• EXERCISE: Starting at the line that holds "- destruct (rstar_E_W_cases _ _ Huy) as [<- | [_" and stopping at the line that holds "runion diag (rcomp (runion B Ki) C) x", restate the records below word for word, with both of those lines included.

===== SUPPLIED DATA

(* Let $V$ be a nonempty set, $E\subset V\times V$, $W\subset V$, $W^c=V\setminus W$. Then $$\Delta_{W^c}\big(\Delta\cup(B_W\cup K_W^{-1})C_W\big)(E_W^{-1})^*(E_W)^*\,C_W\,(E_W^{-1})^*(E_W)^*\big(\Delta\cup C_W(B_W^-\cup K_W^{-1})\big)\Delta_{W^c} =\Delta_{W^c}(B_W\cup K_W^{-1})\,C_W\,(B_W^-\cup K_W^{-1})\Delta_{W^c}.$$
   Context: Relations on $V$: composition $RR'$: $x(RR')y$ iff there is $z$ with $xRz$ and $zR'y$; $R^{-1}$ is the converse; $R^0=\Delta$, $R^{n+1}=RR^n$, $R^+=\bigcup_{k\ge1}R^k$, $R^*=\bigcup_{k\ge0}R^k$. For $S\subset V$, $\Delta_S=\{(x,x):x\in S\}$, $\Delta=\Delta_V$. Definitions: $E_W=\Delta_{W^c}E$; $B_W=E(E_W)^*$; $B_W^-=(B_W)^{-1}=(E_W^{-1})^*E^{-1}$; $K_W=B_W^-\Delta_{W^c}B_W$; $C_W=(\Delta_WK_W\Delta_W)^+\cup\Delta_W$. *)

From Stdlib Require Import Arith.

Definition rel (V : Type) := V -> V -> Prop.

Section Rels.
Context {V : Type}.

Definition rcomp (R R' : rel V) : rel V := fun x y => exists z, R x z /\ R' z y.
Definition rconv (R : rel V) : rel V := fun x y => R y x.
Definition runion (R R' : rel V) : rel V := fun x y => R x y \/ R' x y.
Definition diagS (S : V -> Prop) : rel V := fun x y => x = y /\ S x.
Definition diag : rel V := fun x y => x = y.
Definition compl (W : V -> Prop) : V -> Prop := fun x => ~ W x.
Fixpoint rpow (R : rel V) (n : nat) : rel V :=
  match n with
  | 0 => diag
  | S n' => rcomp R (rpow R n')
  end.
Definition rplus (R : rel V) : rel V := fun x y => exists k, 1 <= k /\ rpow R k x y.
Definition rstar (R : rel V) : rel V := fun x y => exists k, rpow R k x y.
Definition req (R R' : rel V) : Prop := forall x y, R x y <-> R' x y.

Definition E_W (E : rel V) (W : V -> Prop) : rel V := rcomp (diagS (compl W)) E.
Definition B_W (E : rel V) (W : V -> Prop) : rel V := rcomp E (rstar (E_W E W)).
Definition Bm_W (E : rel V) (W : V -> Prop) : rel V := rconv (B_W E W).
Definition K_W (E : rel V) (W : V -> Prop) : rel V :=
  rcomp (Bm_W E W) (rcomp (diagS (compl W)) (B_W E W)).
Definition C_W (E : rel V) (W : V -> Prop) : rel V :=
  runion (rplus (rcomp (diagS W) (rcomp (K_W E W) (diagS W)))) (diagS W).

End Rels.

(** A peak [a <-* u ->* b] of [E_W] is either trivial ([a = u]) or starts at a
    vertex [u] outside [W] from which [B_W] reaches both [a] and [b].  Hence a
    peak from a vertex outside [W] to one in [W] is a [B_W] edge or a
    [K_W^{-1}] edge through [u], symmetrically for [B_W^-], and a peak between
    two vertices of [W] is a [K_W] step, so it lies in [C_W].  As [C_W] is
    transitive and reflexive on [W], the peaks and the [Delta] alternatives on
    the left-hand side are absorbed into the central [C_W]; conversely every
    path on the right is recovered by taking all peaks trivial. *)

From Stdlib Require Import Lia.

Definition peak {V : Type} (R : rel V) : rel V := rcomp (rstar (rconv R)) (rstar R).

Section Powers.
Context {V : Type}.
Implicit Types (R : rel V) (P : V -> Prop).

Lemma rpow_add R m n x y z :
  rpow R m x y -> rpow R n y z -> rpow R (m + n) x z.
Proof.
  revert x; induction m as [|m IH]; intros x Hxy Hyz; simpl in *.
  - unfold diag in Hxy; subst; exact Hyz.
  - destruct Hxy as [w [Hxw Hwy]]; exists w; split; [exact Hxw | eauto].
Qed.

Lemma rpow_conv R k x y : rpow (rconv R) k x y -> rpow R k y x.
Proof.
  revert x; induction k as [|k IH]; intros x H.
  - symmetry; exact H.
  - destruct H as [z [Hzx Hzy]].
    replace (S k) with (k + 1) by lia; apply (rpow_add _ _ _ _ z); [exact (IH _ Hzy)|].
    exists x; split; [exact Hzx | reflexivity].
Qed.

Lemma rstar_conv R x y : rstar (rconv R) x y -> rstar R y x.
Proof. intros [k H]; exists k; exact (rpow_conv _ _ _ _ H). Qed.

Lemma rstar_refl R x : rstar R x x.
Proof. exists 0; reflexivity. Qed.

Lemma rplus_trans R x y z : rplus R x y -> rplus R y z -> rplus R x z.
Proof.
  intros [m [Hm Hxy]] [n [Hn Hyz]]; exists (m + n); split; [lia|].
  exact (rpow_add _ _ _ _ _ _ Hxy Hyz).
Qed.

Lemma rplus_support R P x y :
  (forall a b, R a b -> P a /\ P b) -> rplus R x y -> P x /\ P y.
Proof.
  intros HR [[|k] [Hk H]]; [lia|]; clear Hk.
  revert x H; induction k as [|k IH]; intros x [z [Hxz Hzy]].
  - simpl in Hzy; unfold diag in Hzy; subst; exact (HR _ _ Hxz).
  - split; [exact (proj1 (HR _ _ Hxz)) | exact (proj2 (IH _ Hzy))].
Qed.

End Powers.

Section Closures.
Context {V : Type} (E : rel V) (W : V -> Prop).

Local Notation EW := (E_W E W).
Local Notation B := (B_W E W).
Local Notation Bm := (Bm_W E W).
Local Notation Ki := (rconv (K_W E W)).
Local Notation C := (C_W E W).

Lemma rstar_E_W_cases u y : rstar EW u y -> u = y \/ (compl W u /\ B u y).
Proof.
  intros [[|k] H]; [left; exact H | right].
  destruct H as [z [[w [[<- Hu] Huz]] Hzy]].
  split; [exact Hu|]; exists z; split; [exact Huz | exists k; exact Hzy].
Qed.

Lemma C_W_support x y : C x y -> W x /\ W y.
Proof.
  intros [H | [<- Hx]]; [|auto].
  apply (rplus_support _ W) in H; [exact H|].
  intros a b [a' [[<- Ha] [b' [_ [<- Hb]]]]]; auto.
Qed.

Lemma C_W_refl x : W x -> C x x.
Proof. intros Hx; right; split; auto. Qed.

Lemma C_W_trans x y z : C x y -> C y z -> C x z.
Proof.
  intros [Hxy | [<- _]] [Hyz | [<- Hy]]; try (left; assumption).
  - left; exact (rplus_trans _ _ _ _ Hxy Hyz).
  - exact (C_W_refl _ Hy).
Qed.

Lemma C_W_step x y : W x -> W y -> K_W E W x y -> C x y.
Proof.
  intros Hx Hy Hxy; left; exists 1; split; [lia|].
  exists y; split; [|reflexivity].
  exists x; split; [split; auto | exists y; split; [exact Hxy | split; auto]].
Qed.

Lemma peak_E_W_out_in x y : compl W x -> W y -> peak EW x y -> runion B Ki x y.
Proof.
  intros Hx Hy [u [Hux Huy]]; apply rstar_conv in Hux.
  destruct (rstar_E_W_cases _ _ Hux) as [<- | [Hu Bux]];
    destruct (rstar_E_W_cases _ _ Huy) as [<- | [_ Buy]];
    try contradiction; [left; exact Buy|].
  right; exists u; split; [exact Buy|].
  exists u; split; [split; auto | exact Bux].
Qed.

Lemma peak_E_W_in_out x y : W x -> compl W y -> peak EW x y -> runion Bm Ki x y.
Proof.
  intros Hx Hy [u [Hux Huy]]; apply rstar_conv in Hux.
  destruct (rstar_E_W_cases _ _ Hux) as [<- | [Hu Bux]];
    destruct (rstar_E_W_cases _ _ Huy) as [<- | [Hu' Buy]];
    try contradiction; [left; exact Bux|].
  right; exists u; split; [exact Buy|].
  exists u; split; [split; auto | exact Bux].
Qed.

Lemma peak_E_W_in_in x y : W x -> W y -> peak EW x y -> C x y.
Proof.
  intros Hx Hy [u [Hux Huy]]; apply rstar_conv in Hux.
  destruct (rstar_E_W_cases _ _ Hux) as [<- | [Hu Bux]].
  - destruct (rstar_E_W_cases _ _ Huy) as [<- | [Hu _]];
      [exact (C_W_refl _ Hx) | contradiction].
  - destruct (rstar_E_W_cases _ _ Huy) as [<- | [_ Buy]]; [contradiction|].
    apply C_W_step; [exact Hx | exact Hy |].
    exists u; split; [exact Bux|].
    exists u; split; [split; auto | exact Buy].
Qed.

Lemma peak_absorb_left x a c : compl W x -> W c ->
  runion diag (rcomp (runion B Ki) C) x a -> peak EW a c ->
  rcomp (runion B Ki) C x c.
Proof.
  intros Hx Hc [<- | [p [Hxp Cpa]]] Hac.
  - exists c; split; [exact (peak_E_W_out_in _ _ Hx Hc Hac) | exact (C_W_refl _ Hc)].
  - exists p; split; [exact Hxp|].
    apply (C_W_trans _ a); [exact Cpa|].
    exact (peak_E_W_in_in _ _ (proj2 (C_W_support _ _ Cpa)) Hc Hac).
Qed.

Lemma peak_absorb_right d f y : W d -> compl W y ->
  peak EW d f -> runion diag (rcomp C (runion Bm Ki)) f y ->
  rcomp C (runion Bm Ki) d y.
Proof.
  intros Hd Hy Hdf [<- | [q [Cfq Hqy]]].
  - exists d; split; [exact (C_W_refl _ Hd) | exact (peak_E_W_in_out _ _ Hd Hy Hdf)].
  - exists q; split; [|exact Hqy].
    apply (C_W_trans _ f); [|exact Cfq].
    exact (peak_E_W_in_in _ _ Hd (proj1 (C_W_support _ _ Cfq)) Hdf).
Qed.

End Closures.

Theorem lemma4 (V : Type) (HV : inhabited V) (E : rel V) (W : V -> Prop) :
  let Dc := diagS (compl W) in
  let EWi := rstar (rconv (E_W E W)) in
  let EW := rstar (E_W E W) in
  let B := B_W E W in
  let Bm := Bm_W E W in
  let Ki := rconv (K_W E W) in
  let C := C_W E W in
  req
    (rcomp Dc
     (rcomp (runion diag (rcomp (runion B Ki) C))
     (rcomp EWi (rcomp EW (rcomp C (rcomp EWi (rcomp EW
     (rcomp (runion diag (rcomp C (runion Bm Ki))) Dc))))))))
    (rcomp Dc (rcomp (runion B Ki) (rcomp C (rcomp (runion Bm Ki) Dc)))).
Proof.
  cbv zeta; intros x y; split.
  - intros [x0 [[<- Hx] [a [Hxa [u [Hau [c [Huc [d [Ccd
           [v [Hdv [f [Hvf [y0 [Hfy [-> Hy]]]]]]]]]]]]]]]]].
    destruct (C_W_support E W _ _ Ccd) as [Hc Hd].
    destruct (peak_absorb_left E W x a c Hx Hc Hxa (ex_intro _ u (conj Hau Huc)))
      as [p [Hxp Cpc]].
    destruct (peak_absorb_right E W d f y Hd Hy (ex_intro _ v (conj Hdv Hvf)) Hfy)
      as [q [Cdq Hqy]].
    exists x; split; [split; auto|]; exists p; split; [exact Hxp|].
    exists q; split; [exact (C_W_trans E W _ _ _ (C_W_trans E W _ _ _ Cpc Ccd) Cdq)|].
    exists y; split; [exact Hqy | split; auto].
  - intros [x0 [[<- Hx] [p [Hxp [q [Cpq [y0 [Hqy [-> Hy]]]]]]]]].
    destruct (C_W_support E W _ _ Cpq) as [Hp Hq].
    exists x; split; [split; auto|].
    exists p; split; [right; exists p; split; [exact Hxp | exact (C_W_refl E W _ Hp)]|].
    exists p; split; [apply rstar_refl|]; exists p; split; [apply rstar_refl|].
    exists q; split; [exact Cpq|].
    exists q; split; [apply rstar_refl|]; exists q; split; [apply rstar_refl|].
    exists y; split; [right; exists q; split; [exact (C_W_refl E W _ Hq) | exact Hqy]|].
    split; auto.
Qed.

==========
===== SUPPLIED DATA

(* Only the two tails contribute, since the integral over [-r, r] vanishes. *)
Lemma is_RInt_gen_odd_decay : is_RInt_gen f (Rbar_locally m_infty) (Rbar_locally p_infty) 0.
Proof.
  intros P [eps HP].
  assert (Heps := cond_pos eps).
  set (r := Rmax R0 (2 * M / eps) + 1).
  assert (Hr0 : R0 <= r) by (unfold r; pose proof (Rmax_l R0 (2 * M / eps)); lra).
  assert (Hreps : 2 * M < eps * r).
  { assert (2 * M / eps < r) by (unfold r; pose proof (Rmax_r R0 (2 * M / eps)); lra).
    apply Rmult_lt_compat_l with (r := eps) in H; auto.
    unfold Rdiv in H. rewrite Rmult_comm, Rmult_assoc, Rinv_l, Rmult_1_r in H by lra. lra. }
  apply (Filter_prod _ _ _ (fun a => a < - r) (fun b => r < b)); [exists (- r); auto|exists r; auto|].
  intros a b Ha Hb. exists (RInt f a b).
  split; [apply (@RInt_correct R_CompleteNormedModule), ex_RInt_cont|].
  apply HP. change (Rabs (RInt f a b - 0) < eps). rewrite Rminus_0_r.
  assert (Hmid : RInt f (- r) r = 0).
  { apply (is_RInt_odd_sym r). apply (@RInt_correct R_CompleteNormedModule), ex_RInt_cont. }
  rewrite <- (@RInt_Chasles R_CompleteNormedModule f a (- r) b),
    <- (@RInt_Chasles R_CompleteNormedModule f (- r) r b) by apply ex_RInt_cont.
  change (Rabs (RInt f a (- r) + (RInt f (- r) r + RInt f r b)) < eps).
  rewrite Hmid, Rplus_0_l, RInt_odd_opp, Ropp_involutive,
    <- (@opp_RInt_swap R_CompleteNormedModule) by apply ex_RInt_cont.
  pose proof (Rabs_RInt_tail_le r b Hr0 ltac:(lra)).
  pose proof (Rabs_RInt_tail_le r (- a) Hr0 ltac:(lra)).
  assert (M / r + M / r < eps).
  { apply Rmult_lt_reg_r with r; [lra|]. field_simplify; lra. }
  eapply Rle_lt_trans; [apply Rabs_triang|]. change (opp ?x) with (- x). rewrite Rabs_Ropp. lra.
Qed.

==========

• RESULT OF THIS TASK:
  - destruct (rstar_E_W_cases _ _ Huy) as [<- | [_ Buy]]; [contradiction|].
    apply C_W_step; [exact Hx | exact Hy |].
    exists u; split; [exact Bux|].
    exists u; split; [split; auto | exact Buy].
Qed.

Lemma peak_absorb_left x a c : compl W x -> W c ->
  runion diag (rcomp (runion B Ki) C) x a -> peak EW a c ->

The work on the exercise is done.